Below is some data. Retype exactly the lines starting at the one with "rewrite mulmx1 -[_" and ending at the one with "elim: l f => [|l IH] f psd_f".

(Dataset entries)

>>

(* Let $\mathcal A=\{A_s\}_{s\in\mathbf S}\subset CQ(\mathbf X,\mathcal H)$ be an AVcqC ($\mathbf S$ finite) with $C_{A,d}(\mathcal A)>0$, and let $0<R<C_{A,d}(\mathcal A)$. For every sequence of $(l,M_l)$ codes $(x_i^l,D_i^l)_{i=1}^{M_l}$ with $\liminf_l\frac1l\log M_l\ge R$ and $\lim_{l\to\infty}\min_{i\in[M_l]}\min_{s^l\in\mathbf S^l}\mathrm{tr}(A_{s^l}(x_i^l)D_i^l)=1$, there is another sequence of $(l,M_l)$ codes $(x_i^l,\tilde D_i^l)_{i=1}^{M_l}$ with the same codewords and modified decoding operators such that (1) $\liminf_l\frac1l\log M_l\ge R$; (2) $\lim_{l\to\infty}\min_{i\in[M_l]}\min_{s^l\in\mathbf S^l}\mathrm{tr}(A_{s^l}(x_i^l)\tilde D_i^l)=1$; (3) for all $l\in\mathbb N$, $i\in[M_l]$ and $s^l\in\mathbf S^l$: $\mathrm{tr}(A_{s^l}(x_i^l)\tilde D_i^l)<1$.
   Context: $\mathbf X$ finite, $\mathcal H$ finite-dimensional, $CQ(\mathbf X,\mathcal H)$ the maps $\mathbf X\to\mathcal S(\mathcal H)$; $A_{s^l}(x^l)=\bigotimes_iA_{s_i}(x_i)$. An $(l,M)$ code is $(x_i^l,D_i^l)_{i=1}^M$, $x_i^l\in\mathbf X^l$, $D_i^l\ge0$, $\sum_iD_i^l\le\mathbf 1$. $C_{A,d}(\mathcal A)$ is the supremum of rates $R'$ achievable by such codes with $\liminf_l\frac1l\log M_l\ge R'$ and $\lim_l\max_{s^l}\max_i\mathrm{tr}(A_{s^l}(x_i^l)(\mathbf 1-D_i^l))=0$ (maximal error criterion). *)

From HB Require Import structures.
From mathcomp Require Import all_boot all_order all_algebra.
From mathcomp Require Import all_classical all_reals all_analysis.
From mathcomp Require Import complex mxtens.

Set Implicit Arguments.
Unset Strict Implicit.
Unset Printing Implicit Defensive.

Import Order.TTheory GRing.Theory Num.Theory.
Local Open Scope ring_scope.
Local Open Scope classical_set_scope.
Import numFieldNormedType.Exports.

Section QDefs.
Variable R : realType.
Local Notation C := (R[i]).

Fixpoint pdim (d l : nat) : nat :=
  match l with 0 => 1%N | l'.+1 => (d * pdim d l')%N end.

Definition adjmx {m n : nat} (A : 'M[C]_(m, n)) : 'M[C]_(n, m) :=
  map_mx Num.conj (A^T).

Definition psd {n : nat} (A : 'M[C]_n) : Prop :=
  adjmx A = A /\ forall v : 'cV[C]_n, 0 <= (adjmx v *m A *m v) 0 0.

Definition is_state {n : nat} (rho : 'M[C]_n) : Prop :=
  psd rho /\ \tr rho = 1.

Fixpoint tens {d : nat} (l : nat) : ('I_l -> 'M[C]_d) -> 'M[C]_(pdim d l) :=
  match l as n return ('I_n -> 'M[C]_d) -> 'M[C]_(pdim d n) with
  | 0 => fun _ => 1%:M
  | l'.+1 => fun f => tensmx (f ord0) (tens (fun i : 'I_l' => f (lift ord0 i)))
  end.

Definition Atens {S X : finType} {d : nat} (A : S -> X -> 'M[C]_d) (l : nat)
  (s : 'I_l -> S) (x : 'I_l -> X) : 'M[C]_(pdim d l) :=
  tens (fun i => A (s i) (x i)).

(* an AVcqC: a family of cq channels X -> S(H), indexed by S *)
Definition is_AVcqC {S X : finType} {d : nat} (A : S -> X -> 'M[C]_d) : Prop :=
  forall s x, is_state (A s x).

Definition is_code {d l M : nat} (D : 'I_M -> 'M[C]_(pdim d l)) : Prop :=
  (forall i, psd (D i)) /\ psd (1%:M - \sum_(i < M) D i).

Definition rate_liminf (M : nat -> nat) : \bar R :=
  limn_einf (fun l => ((ln (M l)%:R / l%:R : R))%:E).

Definition max_err {S X : finType} {d : nat} (A : S -> X -> 'M[C]_d)
  (l M : nat) (x : 'I_M -> 'I_l -> X) (D : 'I_M -> 'M[C]_(pdim d l)) : R :=
  \big[Num.max/0]_(s : {ffun 'I_l -> S})
    \big[Num.max/0]_(i < M)
       complex.Re (\tr (Atens A s (x i) *m (1%:M - D i))).

(* min_i min_{s^l} tr(A_{s^l}(x_i^l) D_i^l)  (1 on an empty index set) *)
Definition min_succ {S X : finType} {d : nat} (A : S -> X -> 'M[C]_d)
  (l M : nat) (x : 'I_M -> 'I_l -> X) (D : 'I_M -> 'M[C]_(pdim d l)) : R :=
  \big[Num.min/1]_(i < M)
    \big[Num.min/1]_(s : {ffun 'I_l -> S})
       complex.Re (\tr (Atens A s (x i) *m D i)).

(* R' is achievable with deterministic codes under maximal error criterion *)
Definition achievable {S X : finType} {d : nat} (A : S -> X -> 'M[C]_d)
  (r : R) : Prop :=
  exists (M : nat -> nat) (x : forall l, 'I_(M l) -> 'I_l -> X)
         (D : forall l, 'I_(M l) -> 'M[C]_(pdim d l)),
    (forall l, is_code (D l)) /\
    (r%:E <= rate_liminf M)%E /\
    (fun l => max_err A (x l) (D l)) @ \oo --> (0 : R).

Definition cap_det {S X : finType} {d : nat} (A : S -> X -> 'M[C]_d) : \bar R :=
  ereal_sup [set r%:E | r in achievable A].

End QDefs.
Arguments rate_liminf {R} M.

(* Shrink every decoding operator by a factor [c_l = 1 - 1/(l+1) < 1].  The result is
   still a code with the same codewords, and its worst-case success probability is at
   least [c_l] times the old one, hence still tends to 1.  Conversely, for a state [rho]
   and an operator [0 <= D <= 1] we have [tr (rho D) <= 1], because the trace of a
   product of two positive semidefinite operators is nonnegative; so every shrunk
   success probability is at most [c_l < 1]. *)
From HB Require Import structures.
From mathcomp Require Import all_boot all_order all_algebra.
From mathcomp Require Import all_classical all_reals all_analysis.
From mathcomp Require Import complex mxtens.

Set Implicit Arguments.
Unset Strict Implicit.
Unset Printing Implicit Defensive.

Import Order.TTheory GRing.Theory Num.Theory.
Local Open Scope ring_scope.
Local Open Scope classical_set_scope.
Import numFieldNormedType.Exports.

Section PositiveOperators.
Variable R : realType.
Local Notation C := (R[i]).

Lemma adjmx_mul m n p (A : 'M[C]_(m, n)) (B : 'M[C]_(n, p)) :
  adjmx (A *m B) = adjmx B *m adjmx A.
Proof. by rewrite /adjmx trmx_mul map_mxM. Qed.

Lemma adjmxK m n (A : 'M[C]_(m, n)) : adjmx (adjmx A) = A.
Proof. by apply/matrixP => i j; rewrite !mxE conjCK. Qed.

Lemma adjmxD m n (A B : 'M[C]_(m, n)) : adjmx (A + B) = adjmx A + adjmx B.
Proof. by apply/matrixP => i j; rewrite !mxE rmorphD. Qed.

Lemma adjmx1 n : adjmx (1%:M : 'M[C]_n) = 1%:M.
Proof.
by apply/matrixP => i j; rewrite !mxE eq_sym; case: eqP; rewrite ?conjC1 ?conjC0.
Qed.

Lemma adjmxZ m n (c : C) (A : 'M[C]_(m, n)) : adjmx (c *: A) = c^* *: adjmx A.
Proof. by apply/matrixP => i j; rewrite !mxE rmorphM. Qed.

Lemma adjmx_tens m n p q (A : 'M[C]_(m, n)) (B : 'M[C]_(p, q)) :
  adjmx (tensmx A B) = tensmx (adjmx A) (adjmx B).
Proof. by rewrite /adjmx trmx_tens map_mxT. Qed.

Lemma tr_gram_ge0 m n (E : 'M[C]_(m, n)) : 0 <= \tr (adjmx E *m E).
Proof.
apply: sumr_ge0 => i _; rewrite !mxE; apply: sumr_ge0 => k _.
by rewrite !mxE mulrC mul_conjC_ge0.
Qed.

Lemma psd_gram m n (B : 'M[C]_(m, n)) : psd (adjmx B *m B).
Proof.
split; first by rewrite adjmx_mul adjmxK.
move=> v; have := tr_gram_ge0 (B *m v).
by rewrite adjmx_mul !mulmxA /mxtrace big_ord1.
Qed.

Lemma psd1 n : psd (1%:M : 'M[C]_n).
Proof. by have := psd_gram (1%:M : 'M[C]_n); rewrite adjmx1 mulmx1. Qed.

Lemma psdD n (P Q : 'M[C]_n) : psd P -> psd Q -> psd (P + Q).
Proof.
move=> [hP gP] [hQ gQ]; split; first by rewrite adjmxD hP hQ.
by move=> v; rewrite mulmxDr mulmxDl mxE addr_ge0.
Qed.

Lemma psdZ n (c : R) (P : 'M[C]_n) : 0 <= c -> psd P -> psd (c%:C%C *: P).
Proof.
move=> c0 [hP gP]; split; first by rewrite adjmxZ hP geC0_conj // ler0c.
by move=> v; rewrite -scalemxAr -scalemxAl mxE mulr_ge0 // ler0c.
Qed.

Lemma psd0 n : psd (0 : 'M[C]_n).
Proof. by have := psdZ (lexx 0) (psd1 n); rewrite scale0r. Qed.

Lemma psd_sum n I (r : seq I) (F : I -> 'M[C]_n) :
  (forall i, psd (F i)) -> psd (\sum_(i <- r) F i).
Proof. by move=> psdF; elim/big_ind: _ => //; [exact: psd0 | exact: psdD]. Qed.

Local Open Scope sesquilinear_scope.

(* Spectral theorem: [P = U^* diag(sp) U] with [sp >= 0], so [B = diag(sqrt sp) U]. *)
Lemma psd_gramP n (P : 'M[C]_n) : psd P -> exists B : 'M[C]_n, P = adjmx B *m B.
Proof.
move=> [hP gP].
have /orthomx_spectralP P_spectral : P \is normalmx.
  by apply/hermitian_normalmx/is_hermitianmxP; rewrite expr0 scale1r; exact: esym hP.
set U := spectralmx P in P_spectral; set sp := spectral_diag P in P_spectral.
have U_unitary : U \is unitarymx by apply: spectral_unitarymx.
have UUadj : U *m adjmx U = 1%:M by apply/unitarymxP.
rewrite invmx_unitary // in P_spectral.
have sp_ge0 j : 0 <= sp 0 j.
  pose e : 'cV[C]_n := delta_mx j 0.
  have := gP (adjmx U *m e).
  rewrite adjmx_mul adjmxK P_spectral !mulmxA -[_ *m U *m adjmx U]mulmxA UUadj.
  rewrite mulmx1 -[_ *m U *m adjmx U]mulmxA UUadj mulmx1 mul_mx_diag mxE.
  rewrite (bigD1 j) //= big1 ?addr0 => [|k /negbTE kj]; last by rewrite !mxE kj mulr0.
  by rewrite !mxE !eqxx /= conjC1 mul1r !mulr1.
exists (diag_mx (\row_j sqrtC (sp 0 j)) *m U).
rewrite adjmx_mul P_spectral -!mulmxA; congr (_ *m _); rewrite !mulmxA; congr (_ *m _).
rewrite /adjmx tr_diag_mx map_diag_mx mulmx_diag; congr diag_mx.
apply/rowP => j; rewrite !mxE -[LHS]sqrtCK expr2; congr (_ * _).
by apply/esym/geC0_conj; rewrite sqrtC_ge0.
Qed.

Local Close Scope sesquilinear_scope.

Lemma tr_mul_psd_ge0 n (P Q : 'M[C]_n) : psd P -> psd Q -> 0 <= \tr (P *m Q).
Proof.
move=> /psd_gramP [B ->] /psd_gramP [E ->].
rewrite mulmxA mxtrace_mulC !mulmxA.
have -> : E *m adjmx B *m B *m adjmx E = adjmx (B *m adjmx E) *m (B *m adjmx E).
  by rewrite adjmx_mul adjmxK !mulmxA.
exact: tr_gram_ge0.
Qed.

Lemma Re_tr_state_le1 n (rho E : 'M[C]_n) :
  is_state rho -> psd (1%:M - E) -> complex.Re (\tr (rho *m E)) <= 1.
Proof.
move=> [rho_psd tr_rho] psd1E; have := tr_mul_psd_ge0 rho_psd psd1E.
rewrite mulmxBr mulmx1 linearB /= tr_rho.
by case: (\tr (rho *m E)) => a b; rewrite lecE /= subr_ge0 => /andP[].
Qed.

Lemma Re_tr_scale n (c : R) (T E : 'M[C]_n) :
  complex.Re (\tr (T *m (c%:C%C *: E))) = c * complex.Re (\tr (T *m E)).
Proof. by rewrite -scalemxAr mxtraceZ; case: (\tr _) => a b /=; rewrite mul0r subr0. Qed.

End PositiveOperators.

Section TensorStates.
Variable R : realType.
Local Notation C := (R[i]).

Lemma tr_tensmx m n (A : 'M[C]_m) (B : 'M[C]_n) : \tr (tensmx A B) = \tr A * \tr B.
Proof.
rewrite /mxtrace (reindex (@mxtens_index m n)); last first.
  by exists (@mxtens_unindex m n) => k _; rewrite ?mxtens_indexK ?mxtens_unindexK.
rewrite (eq_bigr (fun ij : 'I_m * 'I_n => A ij.1 ij.1 * B ij.2 ij.2)); last first.
  by move=> [i j] _; rewrite tensmxE.
rewrite -(pair_bigA _ (fun i j => A i i * B j j)) /= big_distrl /=.
by apply: eq_bigr => i _; rewrite big_distrr.
Qed.

Lemma psd_tens d l (f : 'I_l -> 'M[C]_d) : (forall i, psd (f i)) -> psd (tens f).
Proof.
elim: l f => [|l IH] f psd_f /=; first exact: psd1.
have [B0 ->] := psd_gramP (psd_f ord0).
have [B1 ->] := psd_gramP (IH _ (fun i => psd_f (lift ord0 i))).
by rewrite -tensmx_mul -adjmx_tens; apply: psd_gram.
Qed.

Lemma tr_tens d l (f : 'I_l -> 'M[C]_d) : (forall i, \tr (f i) = 1) -> \tr (tens f) = 1.
Proof.
elim: l f => [|l IH] f tr_f /=; first by rewrite mxtrace1.
by rewrite tr_tensmx tr_f IH ?mulr1.
Qed.

Lemma is_state_Atens (S X : finType) d (A : S -> X -> 'M[C]_d) l
    (s : 'I_l -> S) (x : 'I_l -> X) :
  is_AVcqC A -> is_state (Atens A s x).
Proof.
move=> hA; split; first by apply: psd_tens => i; case: (hA (s i) (x i)).
by apply: tr_tens => i; case: (hA (s i) (x i)).
Qed.

End TensorStates.

Section ShrunkCodes.
Variable R : realType.
Local Notation C := (R[i]).

Lemma psd_code_compl d l M (D : 'I_M -> 'M[C]_(pdim d l)) (i : 'I_M) :
  is_code D -> psd (1%:M - D i).
Proof.
move=> [psd_D psd_compl].
have -> : 1%:M - D i = (1%:M - \sum_(j < M) D j) + \sum_(j < M | j != i) D j.
  by rewrite (bigD1 i) //= opprD addrA subrK.
apply: psdD => //; rewrite big_mkcond; apply: psd_sum => j.
by case: ifP => _; [exact: psd_D | exact: psd0].
Qed.

Lemma is_code_scale d l M (D : 'I_M -> 'M[C]_(pdim d l)) (c : R) :
  0 <= c <= 1 -> is_code D -> is_code (fun i => c%:C%C *: D i).
Proof.
move=> /andP[c0 c1] [psd_D psd_compl]; split => [i|]; first exact: psdZ.
have -> : 1%:M - \sum_(i < M) c%:C%C *: D i
    = (1 - c)%:C%C *: 1%:M + c%:C%C *: (1%:M - \sum_(i < M) D i).
  by rewrite scalerBr -scaler_sumr rmorphB rmorph1 scalerBl scale1r addrA subrK.
by apply: psdD; apply: psdZ => //; [rewrite subr_ge0 | exact: psd1].
Qed.

Lemma bigmin_scale (I : finType) (F : I -> R) (c : R) : 0 <= c <= 1 ->
  c * \big[Num.min/1]_i F i <= \big[Num.min/1]_i (c * F i).
Proof.
move=> /andP[c0 c1]; apply: le_bigmin => [|i _]; last exact/ler_wpM2l/bigmin_le.
by apply: le_trans c1; rewrite -[leRHS]mulr1 ler_wpM2l ?bigmin_le_id.
Qed.

Lemma min_succ_scale (S X : finType) d (A : S -> X -> 'M[C]_d) l M
    (x : 'I_M -> 'I_l -> X) (D : 'I_M -> 'M[C]_(pdim d l)) (c : R) :
  0 <= c <= 1 -> c * min_succ A x D <= min_succ A x (fun i => c%:C%C *: D i).
Proof.
move=> c01; apply: le_trans (bigmin_scale _ c01) _; apply: le_bigmin2 => i _.
apply: le_trans (bigmin_scale _ c01) _; apply: le_bigmin2 => s _.
by rewrite Re_tr_scale.
Qed.

Definition shrink (l : nat) : R := 1 - harmonic l.

Lemma shrink_ge0 l : 0 <= shrink l.
Proof.
rewrite /shrink; have -> : harmonic l = l.+1%:R^-1 :> R by [].
by rewrite subr_ge0 invf_le1 ?ltr0Sn // ler1n.
Qed.

Lemma shrink_lt1 l : shrink l < 1.
Proof. by rewrite ltrBlDr ltrDl harmonic_gt0. Qed.

Lemma cvg_shrink : shrink @ \oo --> (1 : R).
Proof.
rewrite -[X in _ --> X]subr0; apply: cvgB; [exact: cvg_cst | exact: cvg_harmonic].
Qed.

End ShrunkCodes.

Theorem lemma11 (R : realType) (S X : finType) (d : nat)
  (A : S -> X -> 'M[R[i]]_d) :
  is_AVcqC A ->
  (0 < cap_det A)%E ->
  forall r : R, 0 < r -> (r%:E < cap_det A)%E ->
  forall (M : nat -> nat) (x : forall l, 'I_(M l) -> 'I_l -> X)
         (D : forall l, 'I_(M l) -> 'M[R[i]]_(pdim d l)),
    (forall l, is_code (D l)) ->
    (r%:E <= rate_liminf M)%E ->
    (fun l => min_succ A (x l) (D l)) @ \oo --> (1 : R) ->
  exists Dt : forall l, 'I_(M l) -> 'M[R[i]]_(pdim d l),
    (forall l, is_code (Dt l)) /\
    (r%:E <= rate_liminf M)%E /\
    (fun l => min_succ A (x l) (Dt l)) @ \oo --> (1 : R) /\
    (forall l (i : 'I_(M l)) (s : 'I_l -> S),
        complex.Re (\tr (Atens A s (x l i) *m Dt l i)) < 1).
Proof.
move=> hA _ r _ _ M x D codeD rateM succ_to1.
have shrink01 l : 0 <= shrink R l <= 1 by rewrite shrink_ge0 ltW ?shrink_lt1.
exists (fun l i => (shrink R l)%:C%C *: D l i); split; last split => //; last split.
- by move=> l; apply: is_code_scale (codeD l).
- apply: (@squeeze_cvgr _ _ _ _ (fun l => shrink R l * min_succ A (x l) (D l))
                                (fun=> 1)); last exact: cvg_cst.
    by apply: nearW => l; rewrite min_succ_scale //= bigmin_le_id.
  by rewrite -[X in _ --> X]mulr1; apply: cvgM; [exact: cvg_shrink | exact: succ_to1].
- move=> l i s; rewrite Re_tr_scale; apply: le_lt_trans (shrink_lt1 R l).
  rewrite -[leRHS]mulr1 ler_wpM2l ?shrink_ge0 //.
  exact: Re_tr_state_le1 (is_state_Atens _ _ hA) (psd_code_compl _ (codeD l)).
Qed.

<<

* Solution to this task *
  rewrite mulmx1 -[_ *m U *m adjmx U]mulmxA UUadj mulmx1 mul_mx_diag mxE.
  rewrite (bigD1 j) //= big1 ?addr0 => [|k /negbTE kj]; last by rewrite !mxE kj mulr0.
  by rewrite !mxE !eqxx /= conjC1 mul1r !mulr1.
exists (diag_mx (\row_j sqrtC (sp 0 j)) *m U).
rewrite adjmx_mul P_spectral -!mulmxA; congr (_ *m _); rewrite !mulmxA; congr (_ *m _).
rewrite /adjmx tr_diag_mx map_diag_mx mulmx_diag; congr diag_mx.
apply/rowP => j; rewrite !mxE -[LHS]sqrtCK expr2; congr (_ * _).
by apply/esym/geC0_conj; rewrite sqrtC_ge0.
Qed.

Local Close Scope sesquilinear_scope.

Lemma tr_mul_psd_ge0 n (P Q : 'M[C]_n) : psd P -> psd Q -> 0 <= \tr (P *m Q).
Proof.
move=> /psd_gramP [B ->] /psd_gramP [E ->].
rewrite mulmxA mxtrace_mulC !mulmxA.
have -> : E *m adjmx B *m B *m adjmx E = adjmx (B *m adjmx E) *m (B *m adjmx E).
  by rewrite adjmx_mul adjmxK !mulmxA.
exact: tr_gram_ge0.
Qed.

Lemma Re_tr_state_le1 n (rho E : 'M[C]_n) :
  is_state rho -> psd (1%:M - E) -> complex.Re (\tr (rho *m E)) <= 1.
Proof.
move=> [rho_psd tr_rho] psd1E; have := tr_mul_psd_ge0 rho_psd psd1E.
rewrite mulmxBr mulmx1 linearB /= tr_rho.
by case: (\tr (rho *m E)) => a b; rewrite lecE /= subr_ge0 => /andP[].
Qed.

Lemma Re_tr_scale n (c : R) (T E : 'M[C]_n) :
  complex.Re (\tr (T *m (c%:C%C *: E))) = c * complex.Re (\tr (T *m E)).
Proof. by rewrite -scalemxAr mxtraceZ; case: (\tr _) => a b /=; rewrite mul0r subr0. Qed.

End PositiveOperators.

Section TensorStates.
Variable R : realType.
Local Notation C := (R[i]).

Lemma tr_tensmx m n (A : 'M[C]_m) (B : 'M[C]_n) : \tr (tensmx A B) = \tr A * \tr B.
Proof.
rewrite /mxtrace (reindex (@mxtens_index m n)); last first.
  by exists (@mxtens_unindex m n) => k _; rewrite ?mxtens_indexK ?mxtens_unindexK.
rewrite (eq_bigr (fun ij : 'I_m * 'I_n => A ij.1 ij.1 * B ij.2 ij.2)); last first.
  by move=> [i j] _; rewrite tensmxE.
rewrite -(pair_bigA _ (fun i j => A i i * B j j)) /= big_distrl /=.
by apply: eq_bigr => i _; rewrite big_distrr.
Qed.

Lemma psd_tens d l (f : 'I_l -> 'M[C]_d) : (forall i, psd (f i)) -> psd (tens f).
Proof.
elim: l f => [|l IH] f psd_f /=; first exact: psd1.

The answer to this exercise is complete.